### Exercise directions
Copy each line below that contains "pose".

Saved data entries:
========

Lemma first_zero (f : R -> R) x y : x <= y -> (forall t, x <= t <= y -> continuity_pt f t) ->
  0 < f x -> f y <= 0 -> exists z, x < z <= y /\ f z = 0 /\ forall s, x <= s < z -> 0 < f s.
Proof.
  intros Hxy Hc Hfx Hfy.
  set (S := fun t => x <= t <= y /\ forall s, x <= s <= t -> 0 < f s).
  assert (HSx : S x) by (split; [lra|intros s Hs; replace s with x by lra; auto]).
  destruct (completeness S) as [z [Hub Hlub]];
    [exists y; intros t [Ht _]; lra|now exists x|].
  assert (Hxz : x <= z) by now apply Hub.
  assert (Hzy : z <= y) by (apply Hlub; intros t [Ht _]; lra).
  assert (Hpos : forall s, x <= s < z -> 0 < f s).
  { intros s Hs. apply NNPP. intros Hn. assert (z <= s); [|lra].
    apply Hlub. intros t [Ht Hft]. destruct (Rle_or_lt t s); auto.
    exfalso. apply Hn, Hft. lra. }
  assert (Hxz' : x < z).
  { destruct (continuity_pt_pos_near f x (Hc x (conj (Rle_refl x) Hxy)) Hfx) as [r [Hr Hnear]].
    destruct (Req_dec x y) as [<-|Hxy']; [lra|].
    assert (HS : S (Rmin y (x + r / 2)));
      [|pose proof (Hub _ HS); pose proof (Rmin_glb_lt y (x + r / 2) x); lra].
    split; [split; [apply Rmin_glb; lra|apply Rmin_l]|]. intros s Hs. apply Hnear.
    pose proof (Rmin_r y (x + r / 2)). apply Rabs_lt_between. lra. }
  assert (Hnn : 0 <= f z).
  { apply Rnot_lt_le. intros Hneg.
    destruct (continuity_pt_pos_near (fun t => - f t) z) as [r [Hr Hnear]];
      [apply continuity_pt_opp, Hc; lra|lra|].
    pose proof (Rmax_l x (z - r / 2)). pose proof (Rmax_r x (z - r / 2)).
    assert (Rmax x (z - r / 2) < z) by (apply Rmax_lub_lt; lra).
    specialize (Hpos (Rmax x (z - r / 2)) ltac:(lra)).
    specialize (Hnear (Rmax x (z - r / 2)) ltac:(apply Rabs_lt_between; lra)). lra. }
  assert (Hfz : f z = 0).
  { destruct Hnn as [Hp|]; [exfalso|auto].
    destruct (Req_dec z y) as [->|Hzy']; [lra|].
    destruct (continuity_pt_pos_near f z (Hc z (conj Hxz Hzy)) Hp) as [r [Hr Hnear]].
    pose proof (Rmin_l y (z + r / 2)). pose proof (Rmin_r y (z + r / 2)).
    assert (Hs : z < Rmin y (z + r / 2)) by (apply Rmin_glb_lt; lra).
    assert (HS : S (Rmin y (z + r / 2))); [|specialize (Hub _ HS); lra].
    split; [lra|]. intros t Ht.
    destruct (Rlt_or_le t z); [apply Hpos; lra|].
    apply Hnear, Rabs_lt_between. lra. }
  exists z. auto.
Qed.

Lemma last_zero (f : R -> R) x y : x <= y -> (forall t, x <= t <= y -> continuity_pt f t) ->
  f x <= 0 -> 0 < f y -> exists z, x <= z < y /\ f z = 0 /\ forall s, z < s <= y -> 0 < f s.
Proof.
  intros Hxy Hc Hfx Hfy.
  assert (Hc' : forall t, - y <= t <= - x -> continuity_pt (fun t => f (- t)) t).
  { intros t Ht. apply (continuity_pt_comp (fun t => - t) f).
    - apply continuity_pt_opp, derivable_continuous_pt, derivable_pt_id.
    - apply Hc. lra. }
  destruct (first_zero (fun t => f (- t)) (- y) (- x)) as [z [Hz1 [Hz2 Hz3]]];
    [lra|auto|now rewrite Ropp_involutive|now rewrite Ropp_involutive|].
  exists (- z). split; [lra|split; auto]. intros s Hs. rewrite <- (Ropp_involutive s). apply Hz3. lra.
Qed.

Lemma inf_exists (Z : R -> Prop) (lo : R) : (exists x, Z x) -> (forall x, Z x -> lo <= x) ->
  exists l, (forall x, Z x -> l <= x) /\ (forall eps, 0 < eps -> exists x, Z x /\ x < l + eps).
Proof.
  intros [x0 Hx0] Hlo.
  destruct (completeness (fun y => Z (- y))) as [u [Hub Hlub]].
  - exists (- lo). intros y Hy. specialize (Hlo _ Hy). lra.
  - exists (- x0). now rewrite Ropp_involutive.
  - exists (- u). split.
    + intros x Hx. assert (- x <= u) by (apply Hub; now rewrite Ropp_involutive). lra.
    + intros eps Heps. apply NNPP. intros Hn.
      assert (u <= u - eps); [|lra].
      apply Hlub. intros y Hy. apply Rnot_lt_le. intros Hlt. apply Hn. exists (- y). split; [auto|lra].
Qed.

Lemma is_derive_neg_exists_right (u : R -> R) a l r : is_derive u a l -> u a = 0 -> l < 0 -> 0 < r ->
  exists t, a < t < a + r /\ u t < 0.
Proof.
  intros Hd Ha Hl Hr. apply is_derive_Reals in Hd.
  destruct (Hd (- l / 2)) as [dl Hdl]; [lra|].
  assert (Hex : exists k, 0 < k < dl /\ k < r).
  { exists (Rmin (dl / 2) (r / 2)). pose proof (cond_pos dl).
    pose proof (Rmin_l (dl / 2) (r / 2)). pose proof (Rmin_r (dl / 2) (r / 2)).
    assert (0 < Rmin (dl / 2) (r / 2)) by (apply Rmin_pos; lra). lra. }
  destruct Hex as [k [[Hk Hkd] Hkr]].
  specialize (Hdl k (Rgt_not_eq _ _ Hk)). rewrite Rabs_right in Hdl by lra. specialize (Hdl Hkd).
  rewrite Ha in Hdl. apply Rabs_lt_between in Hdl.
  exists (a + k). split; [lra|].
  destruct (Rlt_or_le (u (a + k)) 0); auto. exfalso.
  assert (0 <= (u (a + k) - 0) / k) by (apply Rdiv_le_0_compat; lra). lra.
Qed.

========

### Exercise answer
      [|pose proof (Hub _ HS); pose proof (Rmin_glb_lt y (x + r / 2) x); lra].
    pose proof (Rmin_r y (x + r / 2)). apply Rabs_lt_between. lra. }
    pose proof (Rmax_l x (z - r / 2)). pose proof (Rmax_r x (z - r / 2)).
    pose proof (Rmin_l y (z + r / 2)). pose proof (Rmin_r y (z + r / 2)).
  { exists (Rmin (dl / 2) (r / 2)). pose proof (cond_pos dl).
    pose proof (Rmin_l (dl / 2) (r / 2)). pose proof (Rmin_r (dl / 2) (r / 2)).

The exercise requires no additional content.